## Assignment
Within the listing below, how many lines include the string "nmodType"? Reply with only the number.

## Records shown

(* Let $G=(V,F,E)$ be a factor tree, i.e. a connected bipartite graph without cycles whose vertices are partitioned into variable nodes $V$ and factor nodes $F$, with every edge joining a variable node to a factor node. For $j\in V$ let $N(j)\subset F$ be its neighbouring factor nodes and $N_j=|N(j)|$; for $\alpha\in F$ let $N(\alpha)\subset V$ be its neighbouring variable nodes. Choose real numbers $c_\alpha>0$ for $\alpha\in F$ and $c_j\ge 0$ for $j\in V$ such that $\sum_{j\in V}c_j+\sum_{\alpha\in F}c_\alpha=1$. For every edge $(j,\alpha)\in E$ with $j\in V$, $\alpha\in F$, removing this edge splits $G$ into two trees; let $G_{1,j\alpha}=(V_{1,j\alpha},F_{1,j\alpha},E_{1,j\alpha})$ be the one containing $j$, and define $$c_{j\alpha}=\sum_{i\in V_{1,j\alpha}}c_i+\sum_{\beta\in F_{1,j\alpha}}c_\beta.$$ Then $c_\alpha>0$, $c_j\ge 0$, $c_{j\alpha}\ge 0$ for all $j\in V$, $\alpha\in F$, and $$c_j-\sum_{\alpha\in N(j)}c_{j\alpha}=1-N_j\quad\text{for all }j\in V,\qquad c_\alpha+\sum_{j\in N(\alpha)}c_{j\alpha}=1\quad\text{for all }\alpha\in F.$$ *)

From mathcomp Require Import all_boot all_order all_algebra.
Set Implicit Arguments. Unset Strict Implicit. Unset Printing Implicit Defensive.
Import Order.TTheory GRing.Theory Num.Theory.

Definition fg_adj (V F : finType) (e : V -> F -> bool) : rel (V + F) :=
  fun x y =>
    match x, y with
    | inl j, inr a => e j a
    | inr a, inl j => e j a
    | _, _ => false
    end.

Definition fg_connected (V F : finType) (e : V -> F -> bool) : Prop :=
  forall x y : V + F, connect (fg_adj e) x y.

Definition fg_acyclic (V F : finType) (e : V -> F -> bool) : Prop :=
  forall s : seq (V + F), 2 < size s -> uniq s -> ~~ cycle (fg_adj e) s.

Definition factor_tree (V F : finType) (e : V -> F -> bool) : Prop :=
  fg_connected e /\ fg_acyclic e.

Definition fg_adj_rm (V F : finType) (e : V -> F -> bool) (j : V) (a : F)
  : rel (V + F) :=
  fun x y => fg_adj e x y &&
    ~~ (((x == inl j) && (y == inr a)) || ((x == inr a) && (y == inl j))).

Definition fg_weight (R : nzRingType) (V F : finType)
  (cV : V -> R) (cF : F -> R) (x : V + F) : R :=
  match x with inl i => cV i | inr b => cF b end.

Definition c_edge (R : nzRingType) (V F : finType) (e : V -> F -> bool)
  (cV : V -> R) (cF : F -> R) (j : V) (a : F) : R :=
  (\sum_(x : V + F | connect (fg_adj_rm e j a) (inl j) x) fg_weight cV cF x)%R.

From mathcomp Require Import all_boot all_order all_algebra.
From mathcomp Require Import lra.
Import Order.TTheory GRing.Theory Num.Theory.

(** Deleting an edge [x y] of a tree leaves two components, the side of [x]
   and the side of [y]; and the sides of the neighbours [u] of a vertex [v]
   (each taken after deleting [v u]) partition the other vertices.  For
   weights of total mass [1], the first fact gives [c_{j a} = 1 - w(side of a)]
   and the second says that the sides around a vertex weigh [1] minus its own
   weight; summing over the neighbours yields both identities. *)

Section TreeBranches.

Variables (T : finType) (r : rel T).
Hypothesis r_sym : symmetric r.
Hypothesis r_irr : irreflexive r.
Hypothesis r_acyclic : forall s : seq T, 2 < size s -> uniq s -> ~~ cycle r s.
Hypothesis r_connected : forall x y, connect r x y.

Definition del_edge (x y : T) : rel T := fun p q =>
  r p q && ~~ (((p == x) && (q == y)) || ((p == y) && (q == x))).

Lemma del_edge_sub x y : subrel (del_edge x y) r.
Proof. by move=> p q /andP[]. Qed.

Lemma del_edge_sym x y : symmetric (del_edge x y).
Proof.
move=> p q; rewrite /del_edge r_sym; congr (_ && ~~ _).
by case: (p == x); case: (q == y); case: (p == y); case: (q == x).
Qed.

Lemma del_edgeC x y : del_edge x y =2 del_edge y x.
Proof.
move=> p q; rewrite /del_edge; congr (_ && ~~ _).
by case: (p == x); case: (q == y); case: (p == y); case: (q == x).
Qed.

Lemma connect_del_edgeC x y : connect (del_edge x y) =2 connect (del_edge y x).
Proof. exact/eq_connect/del_edgeC. Qed.

Lemma del_edge_disconnected {x y} : r x y -> ~~ connect (del_edge x y) y x.
Proof.
move=> rxy; apply/negP => /connectP[p p_path p_last].
case: (shortenP p_path) p_last => q q_path q_uniq _ q_last.
have x_neq_y : x != y by apply: contraTneq rxy => ->; rewrite r_irr.
have := @r_acyclic (y :: q).
rewrite q_uniq /= rcons_path (sub_path (@del_edge_sub x y) q_path) -q_last rxy.
case: q q_path q_uniq q_last => [|z [|z' q]] q_path _ q_last cyc.
- by move: x_neq_y; rewrite q_last eqxx.
- by move: q_path; rewrite /= /del_edge q_last !eqxx orbT !andbF.
- by move: (cyc isT isT).
Qed.

Lemma del_edge_cover {x y} z :
  r x y -> connect (del_edge x y) x z || connect (del_edge x y) y z.
Proof.
move=> rxy; have /connectP[p p_path p_last] := r_connected z x.
rewrite !(sym_connect_sym (@del_edge_sym x y) _ z).
elim: p z p_path p_last => [|z1 p IHp] z /=; first by move=> _ ->; rewrite connect0.
move=> /andP[rz p_path] p_last.
have [-> | z_neq_x] := eqVneq z x; first by rewrite connect0.
have [-> | z_neq_y] := eqVneq z y; first by rewrite connect0 orbT.
have step : del_edge x y z z1.
  by rewrite /del_edge rz (negbTE z_neq_x) (negbTE z_neq_y) /= ?andbF.
by case/orP: (IHp _ p_path p_last) => H; apply/orP; [left | right];
  apply: connect_trans (connect1 step) H.
Qed.

Lemma sum_sides (R : nmodType) (w : T -> R) {x y} : r x y ->
  (\sum_(z | connect (del_edge x y) x z) w z
   + \sum_(z | connect (del_edge x y) y z) w z = \sum_z w z)%R.
Proof.
move=> rxy; rewrite [RHS](bigID (connect (del_edge x y) x)) /=; congr (_ + _)%R.
apply: eq_bigl => z; have := del_edge_cover z rxy.
have [x_z | _] := boolP (connect _ x z); last by [].
move=> _; apply/negbTE; apply: contra (del_edge_disconnected rxy) => y_z.
by apply: connect_trans y_z _; rewrite (sym_connect_sym (@del_edge_sym x y)).
Qed.

Lemma branch_exists {v z} :
  z != v -> exists2 u, r v u & connect (del_edge v u) u z.
Proof.
have /connectP[p p_path p_last] := r_connected z v.
elim: p z p_path p_last => [|z1 p IHp] z /=; first by move=> _ ->; rewrite eqxx.
move=> /andP[rz p_path] p_last z_neq_v.
have [z1_eq_v | z1_neq_v] := eqVneq z1 v.
  by exists z; rewrite // r_sym -z1_eq_v.
have [u rvu u_z1] := IHp _ p_path p_last z1_neq_v.
exists u => //; apply: connect_trans u_z1 (connect1 _).
by rewrite /del_edge r_sym rz /= (negbTE z_neq_v) (negbTE z1_neq_v) andbF.
Qed.

Lemma branch_unique {v z u w} : r v u -> r v w ->
  connect (del_edge v u) u z -> connect (del_edge v w) w z -> u = w.
Proof.
move=> rvu rvw /connectP[p p_path p_last] w_z.
apply/eqP/negPn/negP => u_neq_w.
have avoid_v : all (fun t => t != v) (u :: p).
  apply/allP => t t_in; apply: contraNneq (del_edge_disconnected rvu) => t_v.
  by move: t_in; rewrite t_v; apply: path_connect.
have p_path' : path (del_edge v w) u p.
  apply: (sub_in_path (P := fun t => t != v)) _ avoid_v p_path.
  move=> a b a_neq_v b_neq_v /andP[rab _].
  by rewrite /del_edge rab (negbTE a_neq_v) (negbTE b_neq_v) andbF.
have w_u : connect (del_edge v w) w u.
  apply: connect_trans w_z _; rewrite (sym_connect_sym (@del_edge_sym v w)).
  by apply/connectP; exists p.
have u_v : del_edge v w u v.
  have u_neq_v : u != v := allP avoid_v u (mem_head _ _).
  by rewrite /del_edge r_sym rvu eqxx (negbTE u_neq_v) (negbTE u_neq_w).
by move: (del_edge_disconnected rvw); rewrite (connect_trans w_u (connect1 u_v)).
Qed.

Lemma sum_branches (R : nmodType) (w : T -> R) v :
  (w v + \sum_(u | r v u) \sum_(z | connect (del_edge v u) u z) w z
   = \sum_z w z)%R.
Proof.
rewrite [RHS](bigD1 v) //=; congr (_ + _)%R.
rewrite (exchange_big_dep (fun z => z != v)) /=; last first.
  move=> u z rvu; apply: contraTneq => ->.
  exact: del_edge_disconnected.
apply: eq_bigr => z z_neq_v.
have [u rvu u_z] := branch_exists z_neq_v.
rewrite (bigD1 u) /=; last by rewrite rvu u_z.
rewrite big_pred0 ?addr0 // => u'; apply/negP => /andP[/andP[rvu' u'_z]].
by rewrite (branch_unique rvu rvu' u_z u'_z) eqxx.
Qed.

End TreeBranches.

Arguments del_edge {T} r x y.
Arguments sum_sides {T r} r_sym r_irr r_acyclic r_connected {R} w {x y}.
Arguments sum_branches {T r} r_sym r_irr r_acyclic r_connected {R} w v.

Local Open Scope ring_scope.

Lemma c_edgeE (R : nzRingType) (V F : finType) (e : V -> F -> bool)
    (cV : V -> R) (cF : F -> R) j a :
  c_edge e cV cF j a =
    \sum_(z | connect (del_edge (fg_adj e) (inl j) (inr a)) (inl j) z)
      fg_weight cV cF z.
Proof. by []. Qed.

Theorem proposition1 (R : realFieldType) (V F : finType) (e : V -> F -> bool)
  (cV : V -> R) (cF : F -> R) :
  factor_tree e ->
  (forall a, 0 < cF a) ->
  (forall j, 0 <= cV j) ->
  \sum_(j : V) cV j + \sum_(a : F) cF a = 1 ->
  [/\ (forall a, 0 < cF a),
      (forall j, 0 <= cV j),
      (forall j a, e j a -> 0 <= c_edge e cV cF j a),
      (forall j, cV j - \sum_(a : F | e j a) c_edge e cV cF j a
                 = 1 - (#|[set a : F | e j a]|)%:R)
    & (forall a, cF a + \sum_(j : V | e j a) c_edge e cV cF j a = 1)].
Proof.
move=> [connected acyclic] cF_gt0 cV_ge0 total.
have adj_sym : symmetric (fg_adj e) by move=> [x|x] [y|y].
have adj_irr : irreflexive (fg_adj e) by move=> [x|x].
pose w := fg_weight cV cF.
have w_total : \sum_x w x = 1 by rewrite big_sumType.
have factor_side j a : e j a ->
    \sum_(z | connect (del_edge (fg_adj e) (inl j) (inr a)) (inr a) z) w z
    = 1 - c_edge e cV cF j a.
  move=> eja; have adj_ja : fg_adj e (inl j) (inr a) := eja.
  by rewrite -w_total -(sum_sides adj_sym adj_irr acyclic connected w adj_ja)
    c_edgeE addrC addKr.
split=> // [j a _ | j | a].
- by apply: sumr_ge0 => -[x|x] _ //=; apply: ltW.
- have := sum_branches adj_sym adj_irr acyclic connected w (inl j).
  rewrite w_total big_sumType /= big_pred0_eq add0r (eq_bigr _ (factor_side j)).
  have card_N : \sum_(a | e j a) (1 : R) = #|[set a | e j a]|%:R.
    by rewrite -sumr_const; apply: eq_bigl => a; rewrite inE.
  rewrite sumrB card_N => ?; lra.
- have := sum_branches adj_sym adj_irr acyclic connected w (inr a).
  rewrite w_total big_sumType /= big_pred0_eq addr0 => <-.
  congr (_ + _); apply: eq_bigr => j _; apply: eq_bigl => z.
  exact: connect_del_edgeC.
Qed.
(* Let $\mathbb{K}\in\{\mathbb{R},\mathbb{C}\}$, $B$ a commutative Banach algebra over $\mathbb{K}$, $(\omega_k)_{k\in\mathbb{N}}$ a convex growth family and $((\mathcal{H},\Sigma),(\omega_k)_k)$ a control pair. Consider the locally convex algebra $(\ell^\infty_{\rightarrow}(\mathcal{H},B),\star)$ and its commutator Lie algebra with $[\varphi,\psi]=\varphi\star\psi-\psi\star\varphi$. (1) The set $G_{\mathrm{ctr}}(\mathcal{H},B)$ of controlled characters is a closed subgroup of the unit group of $(\ell^\infty_{\rightarrow}(\mathcal{H},B),\star)$; inversion in this group is $\phi\mapsto\phi\circ S$ and the unit element is $x\mapsto\epsilon(x)1_B$. (2) The set $\mathfrak{g}_{\mathrm{ctr}}(\mathcal{H},B)$ of controlled infinitesimal characters is a closed Lie subalgebra of $(\ell^\infty_{\rightarrow}(\mathcal{H},B),[\cdot,\cdot])$.
   Context: A growth family is a family $(\omega_k)_{k\in\mathbb{N}}$ of functions $\omega_k\colon\mathbb{N}_0\to\mathbb{N}$ with (W1) $\omega_k(0)=1$, $\omega_k(n)\le\omega_{k+1}(n)$; (W2) $\omega_k(n)\omega_k(m)\le\omega_k(n+m)$; (W3) for every $k_1$ there is $k_2\ge k_1$ with $\omega_{k_2}(n)\ge2^n\omega_{k_1}(n)$ for all $n$; convex means: for each $k_1$ one can choose such $k_2$ so that additionally for every $k_3\ge k_2$ some $\alpha\in]0,1[$ satisfies $\omega_{k_1}(n)^\alpha\omega_{k_3}(n)^{1-\alpha}\le\omega_{k_2}(n)$ for all $n$. For a set $J$ graded by $|\cdot|\colon J\to\mathbb{N}_0$: $\ell^1_{\leftarrow}(J)=\bigcap_k\{\sum c_\tau\tau:\sum|c_\tau|\omega_k(|\tau|)<\infty\}$ (projective limit topology); $\ell^\infty_{\rightarrow}(J,B)=\bigcup_k\{f\colon J\to B:\sup_\tau\|f(\tau)\|/\omega_k(|\tau|)<\infty\}$ (locally convex direct limit of these Banach spaces). A commutative Banach algebra: unital commutative, complete submultiplicative norm, $\|1_B\|=1$. A combinatorial Hopf algebra $(\mathcal{H},\Sigma)$: graded connected Hopf algebra over $\mathbb{K}$ (multiplication $m$, coproduct $\Delta$, counit $\epsilon$, antipode $S$) with $\Sigma\subseteq\mathcal{H}$ such that $\mathcal{H}$ is as an algebra, via a fixed isomorphism, $\mathbb{K}[\Sigma]$ or $\mathbb{K}\langle\Sigma\rangle$. With $M$ the free commutative monoid resp. free monoid on $\Sigma$ (degree-additive grading), $\mathcal{H}=\mathbb{K}^{(M)}$, $\mathcal{H}\otimes\mathcal{H}=\mathbb{K}^{(M\times M)}$ with $|(\mu,\sigma)|=|\mu|+|\sigma|$. Control pair: $\Delta$ and $S$ extend to continuous linear maps $\ell^1_{\leftarrow}(M)\to\ell^1_{\leftarrow}(M\times M)$ resp. $\ell^1_{\leftarrow}(M)\to\ell^1_{\leftarrow}(M)$. A linear $\phi\colon\mathcal{H}\to B$ is controlled if $\phi|_M\in\ell^\infty_{\rightarrow}(M,B)$; $\ell^\infty_{\rightarrow}(\mathcal{H},B)$ denotes these maps, topologised as $\ell^\infty_{\rightarrow}(M,B)$. Convolution: $\phi\star\psi=m_B\circ(\phi\otimes\psi)\circ\Delta$. A character is a unital algebra homomorphism $\mathcal{H}\to B$; an infinitesimal character is a linear $\phi$ with $\phi(ab)=\phi(a)\epsilon(b)+\epsilon(a)\phi(b)$. Controlled (infinitesimal) characters are those that are controlled linear maps. *)

From HB Require Import structures.
From mathcomp Require Import all_boot all_order all_algebra.
From mathcomp Require Import all_classical all_reals all_analysis.
From mathcomp Require Import finmap multiset complex.

Set Implicit Arguments.
Unset Strict Implicit.
Unset Printing Implicit Defensive.

Import Order.TTheory GRing.Theory Num.Theory.
Local Open Scope ring_scope.
Local Open Scope classical_set_scope.

(* Concrete free monoids M on a generating set Sig, with the degree-additive  *)
(* grading induced by deg : Sig -> nat.                                       *)
(*   noncommutative case: words  (seq Sig, cat, [::])                         *)
(*   commutative case   : finite multisets ({mset Sig}, msetD, mset0)          *)
Definition wdeg (Sig : choiceType) (deg : Sig -> nat) (w : seq Sig) : nat :=
  (\sum_(s <- w) deg s)%N.

Definition msdeg (Sig : choiceType) (deg : Sig -> nat) (A : {mset Sig}%mset) : nat :=
  (\sum_(s <- finsupp A) A s * deg s)%N.

Definition cabs (R : realType) (z : R[i]) : R := @ComplexField.Normc.normc R z.

Section Defs.
Variables (R : realType) (K : fieldType) (absK : K -> R).

(* Finitely supported functions X -> K (elements of K^(X)) are represented by  *)
(* formal finite linear combinations, i.e. lists of (basis element, coeff).   *)
Definition coef (X : eqType) (l : seq (X * K)) (x : X) : K :=
  \sum_(t <- l | t.1 == x) t.2.

Definition fc_eq (X : eqType) (l1 l2 : seq (X * K)) : Prop :=
  forall x, coef l1 x = coef l2 x.

Definition kdelta (X : eqType) (x : X) : X -> K := fun y => if y == x then 1 else 0.

Variables (M : choiceType) (mmul : M -> M -> M) (mone : M) (msz : M -> nat).

(* Product in H = K^(M) (monoid algebra) and in H (x) H = K^(M x M). *)
Definition hmul (h1 h2 : seq (M * K)) : seq (M * K) :=
  [seq (mmul a.1 b.1, a.2 * b.2) | a <- h1, b <- h2].

Definition tmul (h1 h2 : seq ((M * M) * K)) : seq ((M * M) * K) :=
  [seq ((mmul a.1.1 b.1.1, mmul a.1.2 b.1.2), a.2 * b.2) | a <- h1, b <- h2].

(* Hopf algebra structure on H = K^(M): coproduct D, counit eps, antipode S,  *)
(* each given on the basis M and extended linearly.                           *)
Section Hopf.
Variables (D : M -> seq ((M * M) * K)) (eps : M -> K) (S : M -> seq (M * K)).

## Reply
2